(* Both error terms of the defect bound at scale [x ~ 2^-r] are at most
   [1/(2(J+1))] when the window is slow. *)
Lemma slow_error_bound J r : (r <= J)%nat ->
  / 2 ^ r * (INR (r + 2 + 2 * S J) * slow_rate J) + / 2 ^ (r + 1 + 2 * S J) <= / INR (S J).
Proof.
  intros Hr. set (m := (2 * S J)%nat).
  assert (HJ1 : 1 <= INR (S J)) by (rewrite S_INR; pose proof (pos_INR J); lra).
  assert (Hm : INR m = 2 * INR (S J)) by (unfold m; rewrite mult_INR; reflexivity).
  pose proof (pow2_ge r). pose proof (pow2_pos r). pose proof (pos_INR r).
  assert (Hsc : 0 < 2 ^ r * (2 * INR (S J) * (INR m + 2)))
    by (apply Rmult_lt_0_compat; [lra | nra]).
  assert (Hdamp : / 2 ^ r * (INR (r + 2 + m) * slow_rate J) <= / (2 * INR (S J))).
  { unfold slow_rate. fold m. rewrite !plus_INR. change (INR 2) with 2.
    assert (Hq : INR r + 2 + INR m <= 2 ^ r * (INR m + 2)) by nra.
    replace (/ 2 ^ r * ((INR r + 2 + INR m) * / (2 * INR (S J) * (INR m + 2))))
      with ((INR r + 2 + INR m) * / (2 ^ r * (2 * INR (S J) * (INR m + 2)))) by (field; nra).
    replace (/ (2 * INR (S J)))
      with (2 ^ r * (INR m + 2) * / (2 ^ r * (2 * INR (S J) * (INR m + 2)))) by (field; nra).
    apply Rmult_le_compat_r; [left; apply Rinv_0_lt_compat |]; lra. }
  assert (Hscale : / 2 ^ (r + 1 + m) <= / (2 * INR (S J))).
  { apply Rinv_le_contravar; [lra |].
    pose proof (pow2_ge (r + 1 + m)) as Hp. rewrite !plus_INR in Hp.
    change (INR 1) with 1 in Hp. lra. }
  assert (/ (2 * INR (S J)) + / (2 * INR (S J)) = / INR (S J)) by (field; lra).
  lra.
Qed.

Lemma slow_regime J n y : (S J + 2 * S J <= n)%nat ->
  (forall i, (n - (S J + 2 * S J) <= i <= n)%nat -> rate i <= slow_rate J) ->
  2 ^ n <= y < 2 ^ S n ->
  forall x, 0 <= x <= 1 -> x - / INR (S J) <= Phi (x * y) / Phi y.
Proof.
  intros Hn Hslow Hy x Hx. set (m := (2 * S J)%nat).
  assert (HJ1 : 1 <= INR (S J)) by (rewrite S_INR; pose proof (pos_INR J); lra).
  assert (Hyp : 0 < Phi y) by (pose proof (Phi_ge y); pose proof (pow2_pos n); lra).
  assert (Hf0 : 0 <= Phi (x * y) / Phi y)
    by (apply Rle_mult_inv_pos; [apply Phi_nonneg; pose proof (pow2_pos n); nra | auto]).
  pose proof (Rinv_0_lt_compat _ (lt_0_INR (S J) ltac:(lia))).
  destruct (Req_dec x 0) as [-> | Hx0]; [lra |].
  destruct (dyadic (/ x)) as [r Hr].
  { replace 1 with (/ 1) by apply Rinv_1. apply Rinv_le_contravar; lra. }
  assert (Hxr : x <= / 2 ^ r).
  { rewrite <- (Rinv_inv x). apply Rinv_le_contravar; [apply pow2_pos | lra]. }
  pose proof (pow2_ge r). pose proof (pow2_pos r).
  destruct (Nat.le_gt_cases (S J) r) as [Hrr | Hrr].
  { assert (/ 2 ^ r <= / INR (S J)).
    { apply Rinv_le_contravar; [lra |]. pose proof (le_INR _ _ Hrr). lra. }
    lra. }
  set (k := (n - (r + 1 + m))%nat).
  pose proof (Phi_dilation_defect n k x y ltac:(unfold k; lia) ltac:(lra) ltac:(lra)) as Hdef.
  replace (n - k)%nat with (r + 1 + m)%nat in Hdef by (unfold k, m in *; lia).
  set (G := cum_rate (S n) - cum_rate k) in *.
  assert (HG : G <= INR (r + 2 + m) * slow_rate J).
  { assert (Hsum : G <= psum (fun _ => slow_rate J) (S n) - psum (fun _ => slow_rate J) k).
    { apply psum_le_diff; [unfold k; lia |]. intros i Hi. apply Hslow. unfold k, m in *; lia. }
    rewrite !psum_const, <- Rmult_minus_distr_r, <- minus_INR in Hsum by (unfold k; lia).
    replace (S n - k)%nat with (r + 2 + m)%nat in Hsum by (unfold k, m in *; lia). exact Hsum. }
  assert (HG0 : 0 <= G)
    by (unfold G, cum_rate; pose proof (psum_mono rate k (S n) rate_nonneg ltac:(unfold k; lia)); lra).
  assert (Hdamp : x * G <= / 2 ^ r * (INR (r + 2 + m) * slow_rate J))
    by (apply Rmult_le_compat; lra).
  pose proof (slow_error_bound J r ltac:(lia)) as Herr. fold m in Herr.
  lra.
Qed.

Definition interval_indicator (B L i : nat) : R :=
  if andb (Nat.leb B i) (Nat.ltb i (B + L)) then 1 else 0.

Lemma interval_indicator_nonneg B L i : 0 <= interval_indicator B L i.
Proof. unfold interval_indicator. destruct andb; lra. Qed.

Lemma psum_interval_indicator B L q : psum (interval_indicator B L) q <= INR L.
Proof.
  enough (E : psum (interval_indicator B L) q = INR (Nat.min q (B + L) - B))
    by (rewrite E; apply le_INR; lia).
  induction q; [reflexivity |]. simpl psum. rewrite IHq. unfold interval_indicator.
  destruct (Nat.leb_spec B q); destruct (Nat.ltb_spec q (B + L)); simpl andb.
  - replace (Nat.min (S q) (B + L) - B)%nat with (S (Nat.min q (B + L) - B)) by lia.
    rewrite S_INR. ring.
  - replace (Nat.min (S q) (B + L) - B)%nat with (Nat.min q (B + L) - B)%nat by lia. ring.
  - replace (Nat.min (S q) (B + L) - B)%nat with (Nat.min q (B + L) - B)%nat by lia. ring.
  - replace (Nat.min (S q) (B + L) - B)%nat with (Nat.min q (B + L) - B)%nat by lia. ring.
Qed.

Lemma rate_nonzero i : rate i <> 0 -> in_cluster i = true.
Proof. unfold rate. destruct in_cluster; [reflexivity | lra]. Qed.

(* Fast regime: a window of [W] scales far enough out meets at most one
   cluster, so the log-slope grows by at most the type [j] of that cluster,
   that is by [1 / rate i0] for any index [i0] of the window with nonzero rate. *)
Lemma window_growth W n s i0 : (n - W <= i0 <= n)%nat -> (8 * W + 8 <= i0)%nat ->
  rate i0 <> 0 -> (s <= W)%nat -> cum_rate (S n) - cum_rate (n - s) <= / rate i0.
Proof.
  intros Hi0 Hfar Hnz Hs.
  set (N := log4 i0). set (j := INR (cluster_type N)).
  set (ind := interval_indicator (4 ^ N) (cluster_len N)).
  assert (Hj : 0 < j) by apply INR_cluster_type_pos.
  assert (Hrate0 : rate i0 = / j) by (unfold rate; rewrite (rate_nonzero i0 Hnz); reflexivity).
  assert (Hpoint : forall i, (n - W <= i <= n)%nat -> rate i <= / j * ind i).
  { intros i Hi. destruct (Req_dec (rate i) 0) as [Z | Z].
    - rewrite Z. apply Rmult_le_pos; [left; apply Rinv_0_lt_compat, Hj | apply interval_indicator_nonneg].
    - pose proof (rate_nonzero i Z) as Hc.
      assert (HN : log4 i = N)
        by (apply (clusters_separated W i0 i); auto; [lia | apply rate_nonzero; auto | lia | lia]).
      pose proof (in_cluster_range i ltac:(lia) Hc) as Hr. rewrite HN in Hr.
      unfold rate. rewrite Hc, HN. fold j. unfold ind, interval_indicator.
      destruct (Nat.leb_spec (4 ^ N) i); [| lia].
      destruct (Nat.ltb_spec i (4 ^ N + cluster_len N)); [| lia]. simpl. lra. }
  assert (Hgrowth : cum_rate (S n) - cum_rate (n - s) <=
                    psum (fun i => / j * ind i) (S n) - psum (fun i => / j * ind i) (n - s)).
  { unfold cum_rate. apply psum_le_diff; [lia |]. intros i Hi. apply Hpoint. lia. }
  rewrite !psum_scale in Hgrowth.
  pose proof (psum_interval_indicator (4 ^ N) (cluster_len N) (S n)) as Hind. fold ind in Hind.
  pose proof (psum_nonneg ind (n - s) (interval_indicator_nonneg _ _)).
  assert (/ j * INR (cluster_len N) = j) by (unfold cluster_len; rewrite mult_INR; fold j; field; lra).
  rewrite Hrate0, Rinv_inv. pose proof (Rinv_0_lt_compat _ Hj). nra.
Qed.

Action item
What is needed is a verbatim copy of every line in the records above from the one containing "destruct (Nat.le_gt_cases (S" down to the one containing "set (G := cum_rate", both included, and nothing more.

Answer to this task
  destruct (Nat.le_gt_cases (S J) r) as [Hrr | Hrr].
  { assert (/ 2 ^ r <= / INR (S J)).
    { apply Rinv_le_contravar; [lra |]. pose proof (le_INR _ _ Hrr). lra. }
    lra. }
  set (k := (n - (r + 1 + m))%nat).
  pose proof (Phi_dilation_defect n k x y ltac:(unfold k; lia) ltac:(lra) ltac:(lra)) as Hdef.
  replace (n - k)%nat with (r + 1 + m)%nat in Hdef by (unfold k, m in *; lia).
  set (G := cum_rate (S n) - cum_rate k) in *.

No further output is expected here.